Every line below that has "List" in it should be copied.

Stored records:
★ ★ ★ ★ ★ ★ ★

Lemma cup_sum_vanish L cs u y : cups_on L cs -> vanish_on L u -> cup_sum cs u y = 0.
Proof.
move=> csL u0; rewrite (cup_sum_local csL u0 (y' := y)) //.
exact: biadditive0l (cup_sum_biadditive (cups_on_additive csL)).
Qed.

Lemma cup_sum_cont L cs : cups_on L cs -> contG2 (cup_sum cs).
Proof.
move=> csL x y; exists L => x' y' xy.
by apply: cup_sum_local csL _ _ => i /xy[].
Qed.

Lemma contG2B (f g : A -> A -> R) : contG2 f -> contG2 g ->
  contG2 (fun x y => f x y - g x y).
Proof.
move=> fC gC x y; have [J fJ] := fC x y; have [K gK] := gC x y.
exists (J ++ K) => x' y' xy; congr (_ - _).
  by apply: fJ => i iJ; apply/xy/List.in_or_app; left.
by apply: gK => i iK; apply/xy/List.in_or_app; right.
Qed.

Definition cut_cups (j : I) (cs : cup) : cup :=
  map (fun c => (c.1 \o cut j, c.2 \o cut j)) cs.

Lemma cup_sum_cut_cups j cs x y :
  cup_sum (cut_cups j cs) x y = cup_sum cs (cut j x) (cut j y).
Proof. by rewrite /cup_sum big_map. Qed.

Lemma hom_on_cut L j F : hom_on L F -> hom_on (j :: L) (F \o cut j).
Proof.
case=> FD FL; split=> x y /=; first by rewrite cutD FD.
by move=> xy; apply/FL/agree_on_cut.
Qed.

Lemma cups_on_cut_cups L j cs : cups_on L cs -> cups_on (j :: L) (cut_cups j cs).
Proof.
move=> csL c /List.in_map_iff[c' [<- /csL[c'1 c'2]]].
by split; apply: hom_on_cut.
Qed.

(* Cutting out coordinate [j] from the later terms makes repetitions in [L]
   harmless. *)
Fixpoint cup_rec (phi : I -> seq I -> A -> R) (L : seq I) : cup :=
  if L is j :: L' then (phi j L', fun y => y j) :: cut_cups j (cup_rec phi L')
  else [::].

Lemma cups_on_cup_rec phi L : (forall j L', hom_on (j :: L') (phi j L')) ->
  cups_on L (cup_rec phi L).
Proof.
move=> phiL; elim: L => [|j L IHL] c //= [<-|]; last exact: cups_on_cut_cups.
by split=> //; apply: hom_on_coord; left.
Qed.

Lemma cup_sum_rec_cons phi j L x y : cup_sum (cup_rec phi (j :: L)) x y =
  phi j L x * y j + cup_sum (cup_rec phi L) (cut j x) (cut j y).
Proof. by rewrite cup_sum_cons cup_sum_cut_cups. Qed.

Lemma decomposableD (f g : A -> A -> R) : decomposable f -> decomposable g ->
  decomposable (fun x y => f x y + g x y).
Proof.
move=> [cs [b [csH bC fE]]] [ds [c [dsH cC gE]]].
exists (cs ++ ds), (fun x => b x + c x); split.
- by move=> e /(List.in_app_or cs ds e)[/csH|/dsH].
- move=> x; have [J bJ] := bC x; have [K cK] := cC x.
  exists (J ++ K) => x' xx'.
  by rewrite (bJ x') ?(cK x') // => i ?; apply/xx'/List.in_or_app; [right|left].
- by move=> x y; rewrite fE gE big_cat /=; ring.
Qed.
Lemma svt_col_lt x y : val (f x).1 = 0 -> val (f y).1 = 1 -> (f x).2 <= (f y).2 -> x < y.
Proof.
move=> top_x bot_y; rewrite leq_eqVlt => /orP [/eqP same_col|lt_col].
  apply: svt_next_cell; rewrite /next_cell top_x bot_y /= orbC andbT.
  by rewrite (val_inj same_col) !eqxx.
have [z fz] := svt_fiber_nonempty (c := ((f y).1, (f x).2)) (row_density_gt0 y).
apply: (@ltn_trans z).
  by apply: svt_next_cell; rewrite /next_cell fz /= eqxx top_x bot_y /= orbT.
by apply: svt_row_lt; rewrite fz.
Qed.

Lemma card_svt_row_before (x : 'I_N) :
  let before := #|[set y : 'I_N | (y < x) && ((f y).1 == (f x).1)]| in
  row_density (f x).1 * (f x).2 <= before < row_density (f x).1 * (f x).2.+1.
Proof.
have card_cols c : c <= i ->
    #|[set y | ((f y).1 == (f x).1) && ((f y).2 < c)]| = row_density (f x).1 * c.
  by move=> le_ci; rewrite -[in RHS](card_ord_lt le_ci) -card_svt_row; apply: eq_card => y; rewrite !inE.
rewrite /= -(card_cols _ (ltnW (ltn_ord (f x).2))) -(card_cols _ (ltn_ord (f x).2)).
apply/andP; split.
  apply: subset_leq_card; apply/subsetP => y; rewrite !inE => /andP [/eqP same_row lt_col].
  by rewrite same_row eqxx andbT svt_row_lt.
set A := [set y | _ && (_ < (f x).2.+1)].
rewrite (cardsD1 x A) inE eqxx ltnSn add1n ltnS.
apply: subset_leq_card; apply/subsetP => y; rewrite !inE => /andP [lt_yx /eqP same_row].
rewrite same_row eqxx neq_ltn lt_yx /= ltnS leqNgt; apply/negP => /(svt_row_lt (esym same_row)).
by rewrite ltnNge ltnW.
Qed.

(* Every second-row entry before position m lies below a first-row entry that
   comes even earlier, and each column holds mu second-row entries. *)
Lemma svt_prefix_ballot m :
  #|[set y : 'I_N | (y < m) && (val (f y).1 != 0)]|
    <= mu * #|[set y : 'I_N | (y < m) && (val (f y).1 == 0)]|.
Proof.
set U := [set y | _ && (val _ == 0)].
apply: (@leq_trans #|[set x | ((f x).1 == ord_max) && ((f x).2 \in [set (f y).2 | y in U])]|).
  apply: subset_leq_card; apply/subsetP => y; rewrite !inE => /andP [lt_ym bot_y].
  rewrite (ord2_neq0 bot_y) eqxx /=.
  have [z fz] := svt_fiber_nonempty (c := (ord0, (f y).2)) isT.
  apply/imsetP; exists z; rewrite ?fz // inE fz eqxx andbT.
  by apply: (@ltn_trans y _ _ _ lt_ym); apply: svt_col_lt; rewrite ?fz //= (ord2_neq0 bot_y).
by rewrite card_svt_row leq_mul2l leq_imset_card orbT.
Qed.

End Tableau.

Definition svt_word (f : {ffun 'I_N -> cell i}) : seq bool :=
  [seq val (f x).1 == 0 | x <- enum 'I_N].

Lemma size_svt_word f : size (svt_word f) = N.
Proof. by rewrite size_map size_enum_ord. Qed.

Lemma nth_svt_word f (y : 'I_N) : nth false (svt_word f) y = (val (f y).1 == 0).
Proof. by rewrite (nth_map y) ?size_enum_ord // nth_ord_enum. Qed.

Lemma count_svt_word_take f (a : pred bool) m : m <= N ->
  count a (take m (svt_word f)) = #|[set y : 'I_N | (y < m) && a (val (f y).1 == 0)]|.
Proof.
move=> le_mN; rewrite (count_take_card false a (size_svt_word f) le_mN).
by apply: eq_card => y; rewrite !inE nth_svt_word.
Qed.

Lemma svt_word_ballot f : is_svt f -> ballot mu 0 i (svt_word f).
Proof.
move=> f_svt.
have count_row (a : pred bool) rho :
    (forall y, a (val (f y).1 == 0) = ((f y).1 == rho)) ->
    count a (svt_word f) = row_density rho * i.
  move=> a_row; rewrite -(take_size (svt_word f)) size_svt_word count_svt_word_take //.
  rewrite -[X in row_density _ * X]card_ord -cardsT -(card_svt_row f_svt).
  by apply: eq_card => y; rewrite !inE ltn_ord a_row andbT.
have prefix m : m <= N ->
    count negb (take m (svt_word f)) <= mu * count id (take m (svt_word f)) + 0.
  by move=> le_mN; rewrite addn0 !count_svt_word_take //; apply: svt_prefix_ballot.
apply/ballotP; split=> [|| m].
- by rewrite (count_row _ ord0) ?mul1n // => y; rewrite ord2_eq.
- by rewrite (count_row _ ord_max) ?addn0 // => y; rewrite ord2_eq eqbF_neg.
- have [le_mN | lt_Nm] := leqP m N; first exact: prefix.
  by have := prefix N (leqnn N); rewrite !take_oversize ?size_svt_word // ltnW.
Qed.

Lemma i_gt0 (x : 'I_N) : 0 < i.
Proof. by have := leq_ltn_trans (leq0n x) (ltn_ord x); rewrite muln_gt0 => /andP []. Qed.

Definition row_of_bool (b : bool) : 'I_2 := if b then ord0 else ord_max.

Definition decode_column (w : seq bool) (x : nat) : nat :=
  if nth false w x then count id (take x w) else count negb (take x w) %/ mu.

(* The default column of [insubd] is never used on ballot words (decode_column_lt). *)
Definition svt_decode (w : seq bool) : {ffun 'I_N -> cell i} :=
  [ffun x : 'I_N => (row_of_bool (nth false w x), insubd (Ordinal (i_gt0 x)) (decode_column w x))].

Lemma decode_column_svt_word f (x : 'I_N) :
  is_svt f -> decode_column (svt_word f) x = (f x).2.
Proof.
move=> f_svt; have /andP [lo hi] := card_svt_row_before f_svt x.
have mu_gt0 := row_density_gt0 f_svt x.
have count_same_row (a : pred bool) :
    (forall y, a (val (f y).1 == 0) = ((f y).1 == (f x).1)) ->
    count a (take x (svt_word f)) = #|[set y : 'I_N | (y < x) && ((f y).1 == (f x).1)]|.
  by move=> a_row; rewrite count_svt_word_take 1?ltnW //; apply: eq_card => y; rewrite !inE a_row.
rewrite /decode_column nth_svt_word; move: lo hi mu_gt0; rewrite /row_density.
case: ifP => top_x lo hi mu_gt0; apply/eqP; rewrite eqn_leq -ltnS.
  rewrite (count_same_row id) => [|y]; last by rewrite ord2_eq top_x eqb_id.
  by rewrite !mul1n in lo hi; rewrite lo hi.
rewrite (count_same_row negb) => [|y]; last by rewrite ord2_eq top_x eqbF_neg.
by rewrite ltn_divLR // leq_divRL // !(mulnC _ mu) lo hi.
Qed.

Lemma svt_decode_word f : is_svt f -> svt_decode (svt_word f) = f.
Proof.
move=> f_svt; apply/ffunP => x; rewrite ffunE [RHS]surjective_pairing nth_svt_word.
congr pair; last by apply: val_inj; rewrite val_insubd decode_column_svt_word // ltn_ord.
by apply: val_inj; case: (f x).1 => [[|[|?]] ?].
Qed.

Section DecodeBallot.
Variable w : seq bool.
Hypothesis w_ballot : ballot mu 0 i w.

Lemma ballot_count_up : count id w = i.
Proof. by case/ballotP: w_ballot. Qed.

Lemma ballot_count_down : count negb w = mu * i.
Proof. by case/ballotP: w_ballot => _ -> _; rewrite addn0. Qed.

Lemma ballot_prefix m : count negb (take m w) <= mu * count id (take m w).
Proof. by case/ballotP: w_ballot => _ _ /(_ m); rewrite addn0. Qed.

Lemma size_ballot : size w = N.
Proof.
rewrite -(count_predC id w) ballot_count_up (eq_count (a2 := negb)) //.
by rewrite ballot_count_down -mulSn prednK // mulnC.
Qed.

Lemma ballot_down_mu_gt0 x : x < size w -> ~~ nth false w x -> 0 < mu.
Proof.
move=> lt_xw down_x; rewrite lt0n; apply: contraTneq isT => mu0.
have : 0 < count negb w by rewrite -has_count; apply/hasP; exists (nth false w x); rewrite ?mem_nth.
by rewrite ballot_count_down mu0.
Qed.

Lemma decode_column_lt (x : 'I_N) : decode_column w x < i.
Proof.
have lt_xw : x < size w by rewrite size_ballot.
rewrite /decode_column; case: ifP => [up_x | /negbT down_x].
  have := count_take_le id w x.+1.
  by rewrite (count_takeS false id lt_xw) up_x addn1 ballot_count_up.
have := count_take_le negb w x.+1.
rewrite (count_takeS false negb lt_xw) down_x addn1 ballot_count_down => lt_cnt.
by rewrite ltn_divLR ?(ballot_down_mu_gt0 lt_xw) // [i * mu]mulnC.
Qed.

Lemma svt_decode_row (x : 'I_N) : (svt_decode w x).1 = row_of_bool (nth false w x).
Proof. by rewrite ffunE. Qed.

Lemma svt_decode_col (x : 'I_N) : val (svt_decode w x).2 = decode_column w x.
Proof. by rewrite ffunE /= val_insubd decode_column_lt. Qed.

Lemma svt_decode_density c : #|[set x | svt_decode w x == c]| = density k c.
Proof.
case: c => rho j; rewrite densityE /row_density /=.
have -> : [set x | svt_decode w x == (rho, j)] =
    [set x : 'I_N | (row_of_bool (nth false w x) == rho) && (decode_column w x == j)].
  apply/setP => x; rewrite !inE [svt_decode w x]surjective_pairing xpair_eqE svt_decode_row.
  by congr (_ && _); rewrite -val_eqE svt_decode_col.
case: ifP => [top_rho | /negbT bot_rho].
  rewrite (eq_finset (fun x : 'I_N => nth false w x && (j <= count id (take x w) < j.+1))).
    by rewrite card_count_take_range ?size_ballot // ballot_count_up (minn_idPl (ltn_ord j)) subSnn.
  move=> x; rewrite /decode_column (ord2_eq _ rho) top_rho.
  by case: (nth false w x) => //=; rewrite eqn_leq ltnS andbC.
rewrite (eq_finset (fun x : 'I_N => ~~ nth false w x && (j * mu <= count negb (take x w) < j.+1 * mu))).
  rewrite card_count_take_range ?size_ballot // ballot_count_down.
  by rewrite (minn_idPl _) ?mulSn ?addnK // -mulSn mulnC leq_mul2l ltn_ord orbT.
move=> x; rewrite /decode_column (ord2_eq _ rho) (negbTE bot_rho).
have lt_xw : x < size w by rewrite size_ballot.
case: (boolP (nth false w x)) => //= down_x.
by rewrite eqn_div_range ?(ballot_down_mu_gt0 lt_xw).
Qed.

Lemma svt_decode_next_cell x y : next_cell (svt_decode w x) (svt_decode w y) -> x < y.
Proof.
have lt_w (z : 'I_N) : z < size w by rewrite size_ballot.
have count_lt (a : pred bool) : count a (take x w) < count a (take y w) -> x < y.
  by apply: contraTT; rewrite -!leqNgt; apply: count_take_mono.
have row_eq b1 b2 : (row_of_bool b1 == row_of_bool b2) = (b1 == b2) by case: b1; case: b2.
rewrite /next_cell !svt_decode_row row_eq; case/orP.
  case/andP=> /eqP same_letter; rewrite !svt_decode_col /decode_column -same_letter.
  case: ifP => _ /eqP next_col; first by apply: (count_lt id); rewrite next_col.
  apply: (count_lt negb); rewrite ltnNge; apply/negP => /(leq_div2r mu).
  by rewrite next_col ltnn.
case/andP=> /andP [/eqP same_col up_x] down_y.
have {}up_x : nth false w x by case: (nth false w x) up_x.
have {}down_y : ~~ nth false w y by case: (nth false w y) down_y.
have := ballot_prefix y.+1; rewrite (count_takeS false negb (lt_w y)) (count_takeS false id (lt_w y)).
rewrite down_y (negbTE down_y) addn0 addn1 => prefix_y.
have mu_gt0 := ballot_down_mu_gt0 (lt_w y) down_y.
apply: (count_lt id); rewrite -(ltn_pmul2l mu_gt0); apply: leq_ltn_trans prefix_y.
move: same_col => /(congr1 val); rewrite !svt_decode_col /decode_column up_x (negbTE down_y) => ->.
by rewrite mulnC leq_divM.
Qed.

Lemma svt_decode_svt : is_svt (svt_decode w).
Proof.
apply/andP; split; first by apply/forallP => c; rewrite svt_decode_density.
by apply/forallP => x; apply/forallP => y; apply/implyP; apply: svt_decode_next_cell.
Qed.

Lemma svt_word_decode : svt_word (svt_decode w) = w.
Proof.
rewrite /svt_word (eq_map (g := fun x : 'I_N => nth false w x)); last first.
  by move=> x; rewrite svt_decode_row; case: (nth false w x).
by rewrite (map_comp (nth false w) val) val_enum_ord map_nth_iota0 -size_ballot ?take_size.
Qed.

End DecodeBallot.

Lemma card_SVT : #|SVT k i| = raney mu i 1.
Proof.
pose word (T : SVT k i) := svt_word (val T).
have word_inj : injective word.
  move=> T1 T2 same_word; apply: val_inj.
  by rewrite -(svt_decode_word (valP T1)) -(svt_decode_word (valP T2)) [svt_word _]same_word.
rewrite cardE -(size_map word) -(size_ballot_words mu i 0).
apply/perm_size/uniq_perm => [||w].
- by rewrite map_inj_uniq // enum_uniq.
- exact: uniq_ballot_words.
rewrite mem_ballot_words; apply/mapP/idP => [[T _ ->]|w_ballot].
  exact: svt_word_ballot (valP T).
exists (exist _ (svt_decode w) (svt_decode_svt w_ballot)); first by rewrite mem_enum.
by rewrite /word svt_word_decode.
Qed.

End SVTWords.

Local Open Scope ring_scope.

Lemma card_ffun_weight_eq (T : finType) (w : T -> nat) r m :
  #|[set t : {ffun 'I_r -> T} | (\sum_(j < r) w (t j) == m)%N]|
    = ((\sum_(x : T) 'X^(w x) : {poly nat}) ^+ r)`_m.
Proof.
have -> : (\sum_(x : T) 'X^(w x)) ^+ r = \prod_(j < r) \sum_(x : T) 'X^(w x) :> {poly nat}.
  by rewrite prodr_const card_ord.
rewrite bigA_distr_bigA coef_sum -sum1dep_card big_mkcond /=.
by apply: eq_bigr => t _; rewrite prodrXr coefXn natn eq_sym; case: eqP.
Qed.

★ ★ ★ ★ ★ ★ ★

ANSWER TO THIS EXERCISE
  by apply: fJ => i iJ; apply/xy/List.in_or_app; left.
by apply: gK => i iK; apply/xy/List.in_or_app; right.
move=> csL c /List.in_map_iff[c' [<- /csL[c'1 c'2]]].
- by move=> e /(List.in_app_or cs ds e)[/csH|/dsH].
  by rewrite (bJ x') ?(cK x') // => i ?; apply/xx'/List.in_or_app; [right|left].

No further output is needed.